» **What is required**:
Up to and including the line with "[/\ forall i, 0", please reproduce the lines below exactly, beginning with the first.

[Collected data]
(* Let $\Delta\subset M_\mathbb{R}$ be a reflexive polytope with $\dim\Delta=\dim M_\mathbb{R}$, let $\{\Delta_1,\dots,\Delta_s\}$ be a nef-partition of $\Delta$ and $\{\nabla_1,\dots,\nabla_s\}$ its dual nef-partition. Let $p_i\in\nabla_i$ ($1\le i\le s$) with $\sum_{i=1}^sp_i=0$ and $\dim_\mathbb{R}\operatorname{Span}_\mathbb{R}\{p_1,\dots,p_s\}=s-r$. Then there exist pairwise disjoint nonempty sets $I_1,\dots,I_r$ with $\coprod_{k=1}^rI_k=\{1,\dots,s\}$ such that $\sum_{i\in I_k}p_i=0$ for each $k$. *)

(* M_R = N_R = 'rV[R]_d for R : realType, with the standard pairing. *)
From HB Require Import structures.
From mathcomp Require Import all_boot all_order all_algebra.
From mathcomp Require Import reals.
Set Implicit Arguments. Unset Strict Implicit. Unset Printing Implicit Defensive.
Import Order.TTheory GRing.Theory Num.Theory.
Local Open Scope ring_scope.

Section Polytopes.
Variables (R : realType) (d : nat).
Local Notation vec := 'rV[R]_d.

Definition pairing (x y : vec) : R := \sum_(i < d) x ord0 i * y ord0 i.

Definition lattice_pt (x : vec) : Prop :=
  exists z : 'rV[int]_d, x = map_mx (fun n : int => n%:~R) z.

Definition conv_seq (S : seq vec) (x : vec) : Prop :=
  exists w : 'I_(size S) -> R,
    [/\ forall i, 0 <= w i, \sum_i w i = 1 & x = \sum_i w i *: S`_i].

Definition conv_hull (A : vec -> Prop) (x : vec) : Prop :=
  exists S : seq vec, (forall y, y \in S -> A y) /\ conv_seq S x.

Definition lattice_polytope (P : vec -> Prop) : Prop :=
  exists S : seq vec, (forall y, y \in S -> lattice_pt y) /\
    forall x, P x <-> conv_seq S x.

Definition polar (P : vec -> Prop) (y : vec) : Prop :=
  forall x, P x -> -1 <= pairing x y.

» **Answer to this problem**:
(* Let $\Delta\subset M_\mathbb{R}$ be a reflexive polytope with $\dim\Delta=\dim M_\mathbb{R}$, let $\{\Delta_1,\dots,\Delta_s\}$ be a nef-partition of $\Delta$ and $\{\nabla_1,\dots,\nabla_s\}$ its dual nef-partition. Let $p_i\in\nabla_i$ ($1\le i\le s$) with $\sum_{i=1}^sp_i=0$ and $\dim_\mathbb{R}\operatorname{Span}_\mathbb{R}\{p_1,\dots,p_s\}=s-r$. Then there exist pairwise disjoint nonempty sets $I_1,\dots,I_r$ with $\coprod_{k=1}^rI_k=\{1,\dots,s\}$ such that $\sum_{i\in I_k}p_i=0$ for each $k$. *)

(* M_R = N_R = 'rV[R]_d for R : realType, with the standard pairing. *)
From HB Require Import structures.
From mathcomp Require Import all_boot all_order all_algebra.
From mathcomp Require Import reals.
Set Implicit Arguments. Unset Strict Implicit. Unset Printing Implicit Defensive.
Import Order.TTheory GRing.Theory Num.Theory.
Local Open Scope ring_scope.

Section Polytopes.
Variables (R : realType) (d : nat).
Local Notation vec := 'rV[R]_d.

Definition pairing (x y : vec) : R := \sum_(i < d) x ord0 i * y ord0 i.

Definition lattice_pt (x : vec) : Prop :=
  exists z : 'rV[int]_d, x = map_mx (fun n : int => n%:~R) z.

Definition conv_seq (S : seq vec) (x : vec) : Prop :=
  exists w : 'I_(size S) -> R,
    [/\ forall i, 0 <= w i, \sum_i w i = 1 & x = \sum_i w i *: S`_i].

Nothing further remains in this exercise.